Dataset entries
-------------------------

(* Let $(R,\mathfrak m)$ be a Noetherian local ring, $J$ an $\mathfrak m$-primary ideal, and $I=(f_1,\dots,f_r)$ where $f_1,\dots,f_r$ is a filter-regular sequence. Let $p$ be the Hilbert perturbation index of $R/I$ with respect to $J$, and $N=\max\{p,\operatorname{ar}_J(I)+1\}$. Then $\operatorname{gr}_J(R/I)\cong\operatorname{gr}_J(R/I')$ for all ideals $I'=(f_1',\dots,f_r')$ with $f_i'-f_i\in J^N$, $i=1,\dots,r$.
   Context: A sequence is filter-regular if for each $i$, $f_i\notin\mathfrak p$ for every associated prime $\mathfrak p\ne\mathfrak m$ of $R/(f_1,\dots,f_{i-1})$. The Hilbert perturbation index of $R/I$ with respect to $J$ is the least number $p$ such that for every $f_1',\dots,f_r'$ with $f_i'\equiv f_i\bmod J^p$ and $I'=(f_1',\dots,f_r')$, one has $\ell(R/(I+J^n))=\ell(R/(I'+J^n))$ for all $n\ge0$. $\operatorname{ar}_J(I)$ is the least $c$ with $J^n\cap I=J^{n-c}(J^c\cap I)$ for all $n\ge c$. $\operatorname{gr}_J(R/I)=\bigoplus_n(J^n+I)/(J^{n+1}+I)$. *)

From mathcomp Require Import all_boot all_order all_algebra.
Set Implicit Arguments. Unset Strict Implicit. Unset Printing Implicit Defensive.
Import GRing.Theory.
Local Open Scope ring_scope.

Section Ideals.
Variable R : comNzRingType.

Definition subI (A B : R -> Prop) := forall x, A x -> B x.
Definition eqI (A B : R -> Prop) := forall x, A x <-> B x.
Definition fullI : R -> Prop := fun _ => True.

Definition is_ideal (A : R -> Prop) :=
  [/\ A 0, (forall x y, A x -> A y -> A (x + y)) & (forall a x, A x -> A (a * x))].

Definition idspan (s : seq R) : R -> Prop :=
  fun x => exists c : 'I_(size s) -> R, x = \sum_(i < size s) c i * s`_i.

Definition gen (A : R -> Prop) : R -> Prop :=
  fun x => exists s : seq R, (forall i, (i < size s)%N -> A s`_i) /\ idspan s x.

Definition sumI (A B : R -> Prop) : R -> Prop :=
  fun x => exists a b, [/\ A a, B b & x = a + b].
Definition capI (A B : R -> Prop) : R -> Prop := fun x => A x /\ B x.
Definition mulI (A B : R -> Prop) : R -> Prop :=
  gen (fun z => exists a b, [/\ A a, B b & z = a * b]).
Definition powI (J : R -> Prop) (n : nat) : R -> Prop := iter n (mulI J) fullI.

Definition proper (A : R -> Prop) := ~ A 1.
Definition maximal_ideal (M : R -> Prop) :=
  [/\ is_ideal M, proper M &
      forall B, is_ideal B -> subI M B -> proper B -> eqI B M].
Definition prime_ideal (P : R -> Prop) :=
  [/\ is_ideal P, proper P & forall x y, P (x * y) -> P x \/ P y].
Definition radical (A : R -> Prop) : R -> Prop := fun x => exists n, A (x ^+ n).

-------------------------

> Task brief:
From the entries above, copy each line holding "fullI".

> Expected output:
Definition fullI : R -> Prop := fun _ => True.
Definition powI (J : R -> Prop) (n : nat) : R -> Prop := iter n (mulI J) fullI.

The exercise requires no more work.